Environmental biosurveillance systems such as BioWatch provide valuable insight as to the complexity of operational logistics and metrics inherent in collecting and providing meaningful information to public health agencies. Consideration and attention to ensuring the accuracy and reliability of real-time autonomous microbial detection at extremely low thresholds across a spectrum of pathogens is paramount.

Similarly, providing this information in a format and frequency that is compatible with current and emerging local public health communicable disease surveillance and epidemiologic investigation protocols and models is equally important. Providing local public health agencies with data that are ambiguous, uncertain, or unable to be validated creates inefficiencies in response and potentially undermines public health risk messaging credibility.

Although the current BioWatch system as launched in 2003 through the DHS OHA is imperfect with regard to the above criteria, it does provide a context if not a foundation for continuing state and local public health engagement regarding environmental bioagent detection. The BioWatch program has successfully engaged regional planning and preparedness through initiation of BACs. It has also further delineated the role of environmental health professionals in the planning and response to public health emergencies involving communicable diseases.
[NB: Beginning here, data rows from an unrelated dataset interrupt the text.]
(* The set of N-small rational functions in $\alpha_1,\ldots,\alpha_r$ is closed under addition and multiplication.
   Context: For $f\in \mathbb{Z}[\alpha_1^{\pm 1},\ldots,\alpha_r^{\pm 1}]$ the Newton polytope $\mathcal N(f)\subset\mathbb{R}^r$ is the convex hull of the exponent vectors of the monomials of $f$ with nonzero coefficient. A rational function $h$ (an element of the fraction field of $\mathbb{Z}[\alpha_1^{\pm 1},\ldots,\alpha_r^{\pm 1}]$) written as $h=f_1/f_2$ with $f_1,f_2$ Laurent polynomials is called N-small if $\mathcal N(f_1)\subset\mathcal N(f_2)$; this does not depend on the chosen presentation. *)

From HB Require Import structures.
From mathcomp Require Import all_boot all_order all_algebra.
From mathcomp Require Import fraction.
From mathcomp Require Import mpoly.
Set Implicit Arguments. Unset Strict Implicit. Unset Printing Implicit Defensive.
Import Order.TTheory GRing.Theory Num.Theory.
Local Open Scope ring_scope.

(* A Laurent polynomial in alpha_1..alpha_r over Z is represented as a pair
   (p, s) with p : {mpoly int[r]} and s : 'X_{1..r}, standing for
   p * alpha^(-s).  Rational functions are elements of the fraction field
   {fraction {mpoly int[r]}} (= fraction field of the Laurent ring). *)

Definition lpoly (r : nat) := ({mpoly int[r]} * 'X_{1..r})%type.

Definition lexp (R : realFieldType) (r : nat) (m s : 'X_{1..r}) : 'rV[R]_r :=
  \row_(i < r) ((m i)%:R - (s i)%:R).
Arguments lexp R [r] m s.

Definition lsupp (R : realFieldType) (r : nat) (f : lpoly r) : seq 'rV[R]_r :=
  [seq lexp R m f.2 | m <- msupp f.1].
Arguments lsupp R [r] f.

Definition conv_hull (R : realFieldType) (r : nat) (S : seq 'rV[R]_r)
    (x : 'rV[R]_r) : Prop :=
  exists w : 'I_(size S) -> R,
    [/\ forall i, 0 <= w i, \sum_i w i = 1 & x = \sum_i w i *: S`_i].

Definition newton (R : realFieldType) (r : nat) (f : lpoly r) : 'rV[R]_r -> Prop :=
  conv_hull (lsupp R f).
Arguments newton R [r] f x.

Definition lfrac (r : nat) (f : lpoly r) : {fraction {mpoly int[r]}} :=
  @FracField.tofrac _ f.1 / @FracField.tofrac _ ('X_[f.2] : {mpoly int[r]}).

Definition Nsmall (R : realFieldType) (r : nat) (h : {fraction {mpoly int[r]}}) : Prop :=
  exists f1 f2 : lpoly r,
    [/\ f2.1 != 0, h = lfrac f1 / lfrac f2 &
        forall x : 'rV[R]_r, newton R f1 x -> newton R f2 x].
Arguments Nsmall R [r] h.
(* Let $X\subset\mathbb{R}^n$ be a compact $n$-dimensional manifold and let $f_0,\ldots,f_{M-1}:X\to X$ be maps satisfying: for each $i\in\{0,\ldots,M-1\}$, (i) $f_i$ is continuously differentiable and almost everywhere a local diffeomorphism; (ii) $f_i$ has finitely many hyperbolic stable fixed points $x_i^0,\ldots,x_i^{L(i)-1}$; (iii) their basins $\mathcal{B}_i^j$ satisfy $\ell\big(X\setminus\bigcup_j\mathcal{B}_i^j\big)=0$; (iv) for all $k\in\{0,\ldots,M-1\}$ and $j\in\{0,\ldots,L(i)-1\}$ there is $P(i,j,k)\in\{0,\ldots,L(k)-1\}$ with $x_i^j\in\mathcal{B}_k^{P(i,j,k)}$. Consider the switching system $x[k+1]=f_{v[k]}(x[k])$ driven by $\mathbf{v}\in\{0,\ldots,M-1\}^{\mathbb{Z}}$. Let $m_{\min}$ and $\mathbf{v}$ be such that ($\mathbf{v}$ has minimum repetitions $m_i^-\geq m_{\min}$ for all $i$ and) for every entire attractor sequence $A$ for $\mathbf{v}$ there is a pullback attracting entire solution $\{\xi_A[k]\}$ with $\xi_A[k]\in\mathcal{B}^{A[k+1]}_{v[k+1]}$ for all $k$. Suppose there are $E$ distinct entire attractor sequences for $\mathbf{v}$. Then the echo index of the system for the input $\mathbf{v}$ is at least $E$.
   Context: $\ell$ is Lebesgue measure; $\mathcal{B}_i^j$ is the basin of attraction of $x_i^j$ under $f_i$. Minimum repetition $m_i^-$: every maximal block of consecutive $i$'s in $\mathbf{v}$ has length at least $m_i^-$. An entire attractor sequence for $\mathbf{v}$ is $\{A[k]\}_{k\in\mathbb{Z}}$ with $A[k]\in\{0,\ldots,L(v[k])-1\}$ and $A[k]=P(v[k-1],A[k-1],v[k])$ for all $k$. An entire solution is a sequence $\{\xi[k]\}_{k\in\mathbb{Z}}\subset X$ with $\xi[k+1]=f_{v[k]}(\xi[k])$; it is pullback attracting if it attracts some neighbourhood of itself in the pullback sense (images under $f_{v[k-1]}\circ\cdots\circ f_{v[k-n]}$ of an $\epsilon$-ball about $\xi[k-n]$ converge to $\xi[k]$ as $n\to\infty$). The echo index $\mathcal{I}(\mathbf{v})$ is the smallest number $m$ of uniformly attracting entire solutions $\mathbf{x}_1,\ldots,\mathbf{x}_m$ such that the sets of initial states uniformly attracted to them together cover $X$ up to a set of zero Lebesgue measure. *)

From HB Require Import structures.
From mathcomp Require Import all_boot all_order all_algebra.
From mathcomp Require Import all_classical all_reals all_analysis.
From mathcomp Require Import complex.
Set Implicit Arguments.
Unset Strict Implicit.
Unset Printing Implicit Defensive.
Import Order.TTheory GRing.Theory Num.Theory.
Import numFieldNormedType.Exports.
Local Open Scope classical_set_scope.
Local Open Scope ring_scope.
Lemma ex_series_sprod_cfq_sq c r lo hi l : c * c = 1 -> 0 < lo ->
  (forall n, lo <= r n <= hi) -> 0 < l -> ex_series (fun n => sprod c (cfq r l) n ^ 2).
Proof.
  intros Hc Hlo Hr Hl.
  assert (Hhi : 0 < l / hi) by (pose proof (Hr O); apply Rdiv_lt_0_compat; lra).
  apply (ex_series_sprod_sq c (fun n => l / r n) _ (l / hi) Hc Hhi).
  - intros n. apply (scaled_tail_ge r lo hi Hlo Hr). lra.
  - exact (is_cf_tail_cfq r lo hi Hlo Hr l Hl).
Qed.

Lemma cfq_sum_pos_near0 (rr rl : nat -> R) lo hi r0 : 0 < lo ->
  (forall n, lo <= rr n <= hi) -> (forall n, lo <= rl n <= hi) -> r0 < 0 ->
  - rr O * (r0 + rr 1%nat) > 0 ->
  exists l, 0 < l /\ cfq rr l O + cfq rl l O + l / r0 > 0.
Proof.
  intros Hlo Hrr Hrl Hr0 HD.
  set (D := - rr O * (r0 + rr 1%nat)) in *.
  set (l := Rmin 1 D).
  assert (Hl : 0 < l) by (apply Rmin_pos; lra).
  assert (Hl2 : l ^ 2 <= D).
  { assert (l <= 1) by apply Rmin_l. assert (l <= D) by apply Rmin_r. nra. }
  exists l. split; auto.
  pose proof (Hrr O). pose proof (Hrr 1%nat).
  assert (- (l / r0) <= cfq rr l O)
    by (apply (is_cf_tail_scaled_head_lb rr _ l r0 (is_cf_tail_cfq rr lo hi Hlo Hrr l Hl));
        [lra..|exact Hl2]).
  destruct (is_cf_tail_cfq rl lo hi Hlo Hrl l Hl O).
  lra.
Qed.

Definition right_tail (r : Z -> R) (n : nat) : R := r (Z.of_nat (S n)).
Definition left_tail (r : Z -> R) (n : nat) : R := r (- Z.of_nat n - 1)%Z.

(* Q^+_0 + Q^-_0 + lambda / rho_0 of the header. *)
Definition matching (r : Z -> R) (l : R) : R :=
  cfq (right_tail r) l O + cfq (left_tail r) l O + l / r 0%Z.

(* The solution u of the header, normalised by u_0 = 1. *)
Definition profile (r : Z -> R) (l : R) (k : Z) : R :=
  if (0 <=? k)%Z then sprod (-1) (cfq (right_tail r) l) (Z.to_nat k)
  else sprod 1 (cfq (left_tail r) l) (Z.to_nat (- k)).

Lemma profile_of_nat r l n : profile r l (Z.of_nat n) = sprod (-1) (cfq (right_tail r) l) n.
Proof.
  unfold profile. replace (0 <=? Z.of_nat n)%Z with true by (symmetry; apply Z.leb_le; lia).
  rewrite Nat2Z.id. reflexivity.
Qed.

Lemma profile_opp_of_nat r l n : profile r l (- Z.of_nat n) = sprod 1 (cfq (left_tail r) l) n.
Proof.
  destruct n as [|n]; [reflexivity|].
  unfold profile.
  replace (0 <=? - Z.of_nat (S n))%Z with false by (symmetry; apply Z.leb_gt; lia).
  f_equal. lia.
Qed.

Section TwoSidedTails.

Variables (r : Z -> R) (lo hi : R).
Hypotheses (lo_pos : 0 < lo) (r_bounds : forall k, k <> 0%Z -> lo <= r k <= hi)
  (r0_neg : r 0%Z < 0).

Lemma right_tail_bounds n : lo <= right_tail r n <= hi.
Proof. apply r_bounds. lia. Qed.

Lemma left_tail_bounds n : lo <= left_tail r n <= hi.
Proof. apply r_bounds. lia. Qed.

Lemma r_neq0 k : r k <> 0.
Proof.
  destruct (Z.eq_dec k 0) as [->|Hk]; [lra|]. specialize (r_bounds k Hk). lra.
Qed.

Lemma matching_pos_near0 :
  - r 1%Z * (r 0%Z + r 2%Z) > 0 \/ - r (-1)%Z * (r 0%Z + r (-2)%Z) > 0 ->
  exists l, 0 < l /\ matching r l > 0.
Proof.
  unfold matching. intros [H|H].
  - apply (cfq_sum_pos_near0 _ _ lo hi); auto using right_tail_bounds, left_tail_bounds.
  - destruct (cfq_sum_pos_near0 (left_tail r) (right_tail r) lo hi (r 0%Z))
      as [l [Hl HF]]; auto using right_tail_bounds, left_tail_bounds.
    exists l. split; [exact Hl|lra].
Qed.

Lemma matching_neg_large l0 : 0 < l0 -> exists l1, l0 < l1 /\ matching r l1 < 0.
Proof.
  intros Hl0.
  set (X := right_tail r O + left_tail r O).
  pose proof (right_tail_bounds O). pose proof (left_tail_bounds O).
  set (l1 := 1 + l0 + - r 0%Z * X).
  assert (Hl1 : l0 < l1) by (unfold l1, X; nra).
  exists l1. split; [exact Hl1|].
  pose proof (is_cf_tail_scaled_head_ub _ _ l1
    (is_cf_tail_cfq _ lo hi lo_pos right_tail_bounds l1 ltac:(lra)) ltac:(lra) ltac:(lra)).
  pose proof (is_cf_tail_scaled_head_ub _ _ l1
    (is_cf_tail_cfq _ lo hi lo_pos left_tail_bounds l1 ltac:(lra)) ltac:(lra) ltac:(lra)).
  assert (E : right_tail r O / l1 + left_tail r O / l1 + l1 / r 0%Z =
              (X * - r 0%Z - l1 * l1) * / (l1 * - r 0%Z)) by (unfold X; field; lra).
  assert (X * - r 0%Z - l1 * l1 < 0) by (unfold l1 in *; nra).
  assert (0 < / (l1 * - r 0%Z)) by (apply Rinv_0_lt_compat; nra).
  unfold matching. nra.
Qed.

Lemma continuity_pt_matching x : 0 < x -> continuity_pt (matching r) x.
Proof.
  intros Hx.
  apply (continuity_pt_plus
    (fun l => cfq (right_tail r) l O + cfq (left_tail r) l O) (fun l => l / r 0%Z)).
  - apply continuity_pt_plus.
    + exact (continuity_pt_cfq _ lo hi lo_pos right_tail_bounds x Hx).
    + exact (continuity_pt_cfq _ lo hi lo_pos left_tail_bounds x Hx).
  - apply (continuity_pt_div (fun l => l) (fun _ => r 0%Z)); [apply continuity_pt_id| |lra].
    apply continuity_pt_const. intros ? ?. reflexivity.
Qed.

Lemma matching_root :
  - r 1%Z * (r 0%Z + r 2%Z) > 0 \/ - r (-1)%Z * (r 0%Z + r (-2)%Z) > 0 ->
  exists z, 0 < z /\ matching r z = 0.
Proof.
  intros Hc.
  destruct (matching_pos_near0 Hc) as [l0 [Hl0 H0]].
  destruct (matching_neg_large l0 Hl0) as [l1 [Hl1 H1]].
  destruct (IVT_interv (- matching r)%F l0 l1) as [z [Hz Ez]]; auto.
  - intros x Hx. apply continuity_pt_opp, continuity_pt_matching. lra.
  - unfold opp_fct. lra.
  - unfold opp_fct. lra.
  - exists z. split; [lra|]. unfold opp_fct in Ez. lra.
Qed.

Lemma profile_rec l : 0 < l -> matching r l = 0 ->
  forall k, profile r l (k + 1) - profile r l (k - 1) = l / r k * profile r l k.
Proof.
  intros Hl HF k.
  destruct (Z_lt_le_dec k 0) as [Hk|Hk].
  - pose (m := Z.to_nat (- k - 1)).
    assert (Ek : k = (- Z.of_nat m - 1)%Z) by (unfold m; lia). clearbody m. subst k.
    replace (- Z.of_nat m - 1 + 1)%Z with (- Z.of_nat m)%Z by lia.
    replace (- Z.of_nat m - 1 - 1)%Z with (- Z.of_nat (S (S m)))%Z by lia.
    replace (profile r l (- Z.of_nat m - 1)) with (profile r l (- Z.of_nat (S m)))
      by (f_equal; lia).
    rewrite !profile_opp_of_nat.
    pose proof (sprod_rec 1 _ _ ltac:(ring)
      (is_cf_tail_cfq _ lo hi lo_pos left_tail_bounds l Hl) m) as E.
    change (r (- Z.of_nat m - 1)%Z) with (left_tail r m). lra.
  - pose (m := Z.to_nat k).
    assert (Ek : k = Z.of_nat m) by (unfold m; lia). clearbody m. subst k.
    destruct m as [|m].
    + change (Z.of_nat 0 + 1)%Z with (Z.of_nat 1).
      change (Z.of_nat 0 - 1)%Z with (- Z.of_nat 1)%Z.
      rewrite !profile_of_nat, profile_opp_of_nat.
      unfold matching in HF. simpl. lra.
    + replace (Z.of_nat (S m) + 1)%Z with (Z.of_nat (S (S m))) by lia.
      replace (Z.of_nat (S m) - 1)%Z with (Z.of_nat m) by lia.
      rewrite !profile_of_nat.
      pose proof (sprod_rec (-1) _ _ ltac:(ring)
        (is_cf_tail_cfq _ lo hi lo_pos right_tail_bounds l Hl) m) as E.
      change (r (Z.of_nat (S m))) with (right_tail r m). lra.
Qed.
Lemma logistic_ge0 z : 0 <= logistic z.
Proof. by rewrite ln_ge0 // lerDl expR_ge0. Qed.

Lemma logistic_le_expRN z : logistic z <= expR (- z).
Proof. by rewrite le_ln1Dx // (lt_le_trans _ (expR_ge0 _)) // ltrN10. Qed.

Lemma is_derive_logistic z : is_derive z 1 (@logistic R) (- sigmoidN z).
Proof.
have pos : 0 < 1 + expR (- z) by rewrite addr_gt0 // expR_gt0.
have inner : is_derive z 1 (fun t : R => 1 + expR (- t)) (expR (- z) * (-1)).
  have := is_deriveD (is_derive_cst (1 : R) z 1)
            (is_derive1_comp (is_derive_expR (- z)) (is_deriveNid z 1)).
  by rewrite add0r.
have -> : @logistic R = (@ln R) \o (fun t => 1 + expR (- t)) by [].
apply: (is_derive_eq
  (@is_derive1_comp _ _ (fun t => 1 + expR (- t)) _ _ _ (is_derive1_ln pos) inner)).
have ez : expR z != 0 by rewrite gt_eqF // expR_gt0.
have ez1 : 1 + expR z != 0 by rewrite gt_eqF // addr_gt0 // expR_gt0.
by rewrite /sigmoidN expRN; field; rewrite ez ez1.
Qed.

Lemma expR_mul_le_mix (p t : R) : 0 <= p <= 1 -> expR (p * t) <= 1 - p + p * expR t.
Proof.
case/andP => p0 p1; have q0 : 0 <= 1 - p by rewrite subr_ge0.
have lo : (1 - p) * (1 - p * t) <= (1 - p) * expR (- (p * t)).
  by rewrite ler_wpM2l // expR_ge1Dx.
have hi : p * (1 + (1 - p) * t) <= p * expR ((1 - p) * t).
  by rewrite ler_wpM2l // expR_ge1Dx.
have -> : 1 - p + p * expR t
          = expR (p * t) * ((1 - p) * expR (- (p * t)) + p * expR ((1 - p) * t)).
  rewrite mulrDr mulrCA -expRD subrr expR0 mulr1 mulrCA -expRD.
  by congr (_ + _ * expR _); ring.
rewrite ler_peMr ?expR_ge0 //.
have mix : (1 - p) * (1 - p * t) + p * (1 + (1 - p) * t) = 1 by ring.
by rewrite -[X in X <= _]mix lerD.
Qed.

Lemma logistic_tangent_le a b : logistic a + sigmoidN a * (a - b) <= logistic b.
Proof.
have A0 : 0 < 1 + expR (- a) by rewrite addr_gt0 // expR_gt0.
have B0 : 0 < 1 + expR (- b) by rewrite addr_gt0 // expR_gt0.
rewrite /logistic -[sigmoidN a * _]expRK -lnM ?posrE ?expR_gt0 //.
rewrite ler_ln ?posrE ?mulr_gt0 ?expR_gt0 //.
set p := sigmoidN a.
have p01 : 0 <= p <= 1 by rewrite ltW ?sigmoidN_gt0 ?sigmoidN_le1.
have -> : 1 + expR (- b) = (1 + expR (- a)) * (1 - p + p * expR (a - b)).
  have ea1 : 1 + expR a != 0 by rewrite gt_eqF // addr_gt0 // expR_gt0.
  have ea : expR a != 0 by rewrite gt_eqF // expR_gt0.
  have eb : expR b != 0 by rewrite gt_eqF // expR_gt0.
  by rewrite /p /sigmoidN expRD !expRN; field; rewrite ea1 ea eb.
by apply: ler_wpM2l; [exact: ltW | exact: expR_mul_le_mix].
Qed.

End Logistic.

Section Gradient.
Variables (R : realType) (d : nat).

Lemma derive_along (f : 'rV[R]_d -> R) (e v : 'rV[R]_d) :
  'D_e f v = 'D_1 (fun h : R => f (h *: e + v)) 0.
Proof.
rewrite /derive; set lhs := fun h => h^-1 *: _; set rhs := fun h => h^-1 *: _.
suff -> : lhs = rhs by [].
by apply/funext => h; rewrite /lhs /rhs /= scale0r add0r addr0 [_%:A]mulr1.
Qed.

Lemma dotp_ebasis (j : 'I_d) (y : 'rV[R]_d) : dotp (ebasis R j) y = y 0 j.
Proof.
rewrite /dotp (bigD1 j) //= !mxE eqxx mul1r big1 ?addr0 // => k /negbTE kj.
by rewrite mxE kj mul0r.
Qed.

Lemma is_derive_line (t c z : R) : is_derive t 1 (fun h : R => h * c + z) c.
Proof.
have -> : (fun h : R => h * c + z) = c \*: (@id R) + cst z.
  by apply/funext => h /=; rewrite mulrC.
have := is_deriveD (is_deriveZ c (is_derive_id t 1)) (is_derive_cst z t 1).
by rewrite scaler1 addr0.
Qed.

End Gradient.

Section Client.
Variables (R : realType) (M n d : nat) (x : 'I_M -> 'I_n -> 'rV[R]_d) (m : 'I_M).
Implicit Types (v : 'rV[R]_d).

Definition Floc_ngrad v : 'rV[R]_d :=
  n%:R^-1 *: \sum_(i < n) sigmoidN (dotp v (x m i)) *: x m i.

Definition Floc_weight v : R := n%:R^-1 * \sum_(i < n) sigmoidN (dotp v (x m i)).

Lemma grad_Floc v : grad (Floc x m) v = - Floc_ngrad v.
Proof.
apply/rowP => j; rewrite !mxE summxE derive_along -mulrN -sumrN.
have -> : (fun h : R => Floc x m (h *: ebasis R j + v)) =
    n%:R^-1 \*: \sum_(i < n) (fun h : R => logistic (h * x m i 0 j + dotp v (x m i))).
  apply/funext => h; rewrite /Floc /= fct_sumE; congr (_ * _).
  by apply: eq_bigr => i _; rewrite dotpDl dotpZl dotp_ebasis.
apply: derive_val; apply: is_deriveZ; apply: is_derive_sum => i.
rewrite mxE -mulNr.
have := is_derive1_comp (is_derive_logistic _) (is_derive_line 0 (x m i 0 j) (dotp v (x m i))).
by rewrite mul0r add0r.
Qed.

End Client.

Section LocalGD.
Variables (R : realType) (M n d : nat) (x : 'I_M -> 'I_n -> 'rV[R]_d).
Variables (gamma eta : R) (K : nat) (ws : 'rV[R]_d).
Hypothesis M_gt0 : (0 < M)%N.
Hypothesis n_gt0 : (0 < n)%N.
Hypothesis x_le1 : forall m i, dotp (x m i) (x m i) <= 1.
Hypothesis ws_margin : forall m i, gamma <= dotp ws (x m i).
Hypothesis gamma_gt0 : 0 < gamma.
Hypothesis eta_gt0 : 0 < eta.
Hypothesis K_gt0 : (0 < K)%N.

Lemma Floc_ge0 m v : 0 <= Floc x m v.
Proof. by rewrite mulr_ge0 ?invr_ge0 // sumr_ge0 // => i _; exact: logistic_ge0. Qed.

Lemma Floc_weight_ge0 m v : 0 <= Floc_weight x m v.
Proof. by rewrite mulr_ge0 ?invr_ge0 // sumr_ge0 // => i _; rewrite ltW ?sigmoidN_gt0. Qed.

Lemma Floc_ngrad_sqr_le m v :
  dotp (Floc_ngrad x m v) (Floc_ngrad x m v) <= Floc_weight x m v.
Proof.
apply: le_trans (dotpp_mean_le _ n_gt0) _; rewrite ler_wpM2l ?invr_ge0 //.
apply: ler_sum => i _; rewrite dotpZl dotpZr.
have s0 := sigmoidN_gt0 (dotp v (x m i)).
apply: ler_piMr (ltW s0) _.
exact: mulr_ile1 (ltW s0) (dotpp_ge0 _) (sigmoidN_le1 _) (x_le1 m i).
Qed.

Lemma Floc_ngrad_margin m v : gamma * Floc_weight x m v <= dotp (Floc_ngrad x m v) ws.
Proof.
rewrite dotpZl mulrCA ler_wpM2l ?invr_ge0 // dotp_suml mulr_sumr.
apply: ler_sum => i _; rewrite dotpZl (dotpC (x m i)) mulrC.
by apply: ler_wpM2l; [apply/ltW/sigmoidN_gt0 | apply: ws_margin].
Qed.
The BioWatch program has also catalyzed relationship building between law enforcement and public health officials in forwarding the value of “intelligence fusion” in the prevention of and/or response to an intentional (or unintentional) bioagent release or bioterrorism event. Timely information sharing across disciplines and levels of government and community has been shown time and time again to be instrumental in successful preparation, response, and recovery to emergency incidents that threaten community safety and health.

Below is a short list summarizing future BioWatch technology or similar system needs to attract and advance collaboration with state and local public health agencies.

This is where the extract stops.